Comment 6 Jan Hubicka 2013-01-07 17:07:57 UTC
OK, I understnad the issue now.  It is bug caused by my patch indeed.
The problem is logic in scev_probably_wraps_p that is trying to prove that given IV at given STMT is not wrapping based on loop bounds connected.
When I was extending loop bounds to contain not only statements that dominate the exit BB, I verified the walkers that they are valid after the change.
In this case it is however not true. What I missed is that it does two things

1) it tries to prove that STMT is bounded by given bound based on fact that bound's STMT dominate the statement
2) it tries to prove the bound based on number of iterations of loop that it derrives from the bounds

2) needs to be updated.  I am testing patch.
Comment 7 Jan Hubicka 2013-01-08 16:12:25 UTC
Created attachment 29106 [details]
patch in testing.
Comment 8 Jan Hubicka 2013-01-08 17:55:42 UTC
Created attachment 29109 [details]
updated patch

There is another bug triggered by this testcase.

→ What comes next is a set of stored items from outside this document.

(* Let $p$ be a prime and let $L$ be a $\mathbb{Z}_p$-Lie lattice of dimension $d$ such that $d(\mathbb{Q}_p \otimes_{\mathbb{Z}_p} L) = d$. Then one of the following holds: (i) $L \cong \mathbb{Z}_p^d$ is abelian; (ii) $L = \mathbb{Z}_p x \oplus A$ for some $x\in L$, where $A \cong \mathbb{Z}_p^{d-1}$ is an abelian ideal of $L$ and $\mathrm{ad}(x)$ acts on $A$ as multiplication by $p^s$ for some $s \in \mathbb{N}_0$.
   Context: A $\mathbb{Z}_p$-Lie lattice of dimension $d$ is a free $\mathbb{Z}_p$-module of rank $d$ equipped with a $\mathbb{Z}_p$-bilinear Lie bracket. For a Lie algebra, $d(\cdot)$ denotes its minimal number of generators as a Lie algebra. $\mathbb{N}_0 = \{0,1,2,\dots\}$. *)

From HB Require Import structures.
From mathcomp Require Import all_boot all_order all_algebra.
From mathcomp Require Import fraction.
Set Implicit Arguments. Unset Strict Implicit. Unset Printing Implicit Defensive.
Import Order.TTheory GRing.Theory Num.Theory.
Local Open Scope ring_scope.

(* R is (isomorphic to) the ring Z_p of p-adic integers: a p-adically complete
   discrete valuation ring of characteristic 0 with uniformizer p and residue
   field F_p. *)
Definition padic_integers (p : nat) (R : idomainType) : Prop :=
  [/\ p%:R != 0 :> R,
      ~~ (p%:R \is a @GRing.unit R),
      (forall x : R, x != 0 ->
         exists n : nat, exists u : R, u \is a GRing.unit /\ x = p%:R ^+ n * u),
      (forall x : R, exists k : nat, exists y : R, x = k%:R + p%:R * y)
    & (forall a : nat -> R,
         (forall n, exists y, a n.+1 - a n = p%:R ^+ n * y) ->
         exists l : R, forall n, exists y, l - a n = p%:R ^+ n * y)].

Definition lie_br (R : comRingType) (d : nat) (c : 'I_d -> 'I_d -> 'rV[R]_d)
  (u v : 'rV[R]_d) : 'rV[R]_d :=
  \sum_(i < d) \sum_(j < d) (u 0 i * v 0 j) *: c i j.

Definition is_lie_bracket (R : comRingType) (d : nat)
  (c : 'I_d -> 'I_d -> 'rV[R]_d) : Prop :=
  (forall u, lie_br c u u = 0) /\
  (forall u v w, lie_br c u (lie_br c v w) + lie_br c v (lie_br c w u)
                 + lie_br c w (lie_br c u v) = 0).
(* Let $\mu,\nu$ be the Gibbs distributions of two spin systems on the same graph $G=(V,E)$. Then $d_{TV}(\mu,\nu)\ge C\cdot d_{\mathrm{par}}(\mu,\nu)$, where: (1) for two hardcore models both satisfying the uniqueness condition, $C=\frac1{5000}$; (2) for two hardcore models both $b$-marginally bounded ($0<b<1$), $C=b^3$; (3) for two soft-Ising models both $b$-marginally bounded ($0<b<1$), $C=\frac{b^2}{2}$.
   Context: Hardcore model $(G,\lambda)$, $\lambda\in\mathbb{R}_{\ge0}^V$: weight on $\sigma\in\{-1,+1\}^V$ is $\prod_{v:\sigma_v=+1}\lambda_v$ if $\{v:\sigma_v=+1\}$ is independent, else $0$. Soft-Ising model $(G,J,h)$: $J\in\mathbb{R}^{V\times V}$ symmetric, $J_{uv}\ne0$ only for edges, $h\in\mathbb{R}^V$ (finite), weight $\exp(\sum_{\{u,v\}\in E}J_{uv}\sigma_u\sigma_v+\sum_vh_v\sigma_v)$. Gibbs distribution = normalized weight. Uniqueness condition: $\lambda_v\le(1-\eta)\lambda_c(\Delta)$ for all $v$ for some constant $\eta\in(0,1)$, where $\Delta\ge3$ is the maximum degree and $\lambda_c(\Delta)=\frac{(\Delta-1)^{\Delta-1}}{(\Delta-2)^\Delta}$. Parameter distance: for hardcore models, $d_{\mathrm{par}}(\mu,\nu)=\max_v|\lambda^\mu_v-\lambda^\nu_v|$; for soft-Ising models, $d_{\mathrm{par}}(\mu,\nu)=\max\{\max_{u,v}|J^\mu_{uv}-J^\nu_{uv}|,\ \max_v\frac{|h^\mu_v-h^\nu_v|}{\deg_v+1}\}$ with $\deg_v$ the degree of $v$ in $G$. $b$-marginally bounded: for every $\Lambda\subseteq V$, feasible $\sigma\in\{\pm1\}^\Lambda$, $v\in V$, $c\in\{\pm1\}$, if $\mu^\sigma_v(c)>0$ then $\mu^\sigma_v(c)\ge b$ ($\mu^\sigma_v$ = marginal at $v$ of $\mu$ conditioned on $\sigma$). *)

From HB Require Import structures.
From mathcomp Require Import all_boot all_order all_algebra.
From mathcomp Require Import reals sequences exp.
Set Implicit Arguments. Unset Strict Implicit. Unset Printing Implicit Defensive.
Import Order.TTheory GRing.Theory Num.Theory.
Local Open Scope ring_scope.

Section Defs.
Variable R : realType.
Variable V : finType.

(* Spin configurations sigma in {-1,+1}^V; [true] encodes +1, [false] encodes -1. *)
Definition config := {ffun V -> bool}.
Definition spin (b : bool) : R := if b then 1 else -1.

Definition simple_graph (e : rel V) : Prop := symmetric e /\ irreflexive e.

Definition deg (e : rel V) (v : V) : nat := #|[set u | e v u]|.
Definition maxdeg (e : rel V) : nat := (\max_(v : V) deg e v)%N.

Definition partition (w : config -> R) : R := \sum_(s : config) w s.
Definition gibbs (w : config -> R) (s : config) : R := w s / partition w.
Definition prob (w : config -> R) (P : pred config) : R :=
  \sum_(s : config | P s) gibbs w s.

Definition dTV (w1 w2 : config -> R) : R :=
  2^-1 * \sum_(s : config) `|gibbs w1 s - gibbs w2 s|.

Definition independent (e : rel V) (s : config) : bool :=
  [forall u, forall v, (s u && s v) ==> ~~ e u v].
Definition hc_weight (e : rel V) (lam : V -> R) (s : config) : R :=
  if independent e s then \prod_(v : V | s v) lam v else 0.
Definition hc_params (lam : V -> R) : Prop := forall v, 0 <= lam v.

Some of the bounds, like those derrived by if (iv_var == constant) can not be used when they are not executed every iteration.

This patch prevents them from being recorded as bounds.
Comment 9 Jakub Jelinek 2013-01-08 18:27:44 UTC
FYI, the execute/pr55875.c with -O1 started failing with
http://gcc.gnu.org/viewcvs?root=gcc&view=rev&rev=138207
aka tuples merge.
Comment 10 Jan Hubicka 2013-01-09 15:10:55 UTC
Author: hubicka
Date: Wed Jan  9 15:10:43 2013
New Revision: 195054

URL: http://gcc.gnu.org/viewcvs?root=gcc&view=rev&rev=195054
Log:
	PR tree-optimiation/55875
	* gcc.c-torture/execute/pr55875.c: New testcase.
	* g++.dg/torture/pr55875.C: New testcase.

	* tree-ssa-loop-niter.c (number_of_iterations_cond): Add
	EVERY_ITERATION parameter.
	(number_of_iterations_exit): Check if exit is executed every
	iteration.
	(idx_infer_loop_bounds): Similarly here.
	(n_of_executions_at_most): Simplify
	to only test for cases where statement is dominated by the
	particular bound; handle correctly the "postdominance"
	test.
	(scev_probably_wraps_p): Use max loop iterations info
	as a global bound first.


Added:
    trunk/gcc/testsuite/g++.dg/torture/pr55875.C
    trunk/gcc/testsuite/gcc.c-torture/execute/pr55875.c
Modified:
    trunk/gcc/ChangeLog
    trunk/gcc/testsuite/ChangeLog
    trunk/gcc/tree-ssa-loop-niter.c
Comment 11 Jakub Jelinek 2013-01-09 15:13:20 UTC
Fixed, thanks.
Comment 12 Jan Hubicka 2013-01-09 16:29:21 UTC
Shall we track the C testcase regression in 4.7 and earlier?

Honza
Comment 13 Jakub Jelinek 2013-01-09 16:35:13 UTC
Yes, but I'd say under a different PR.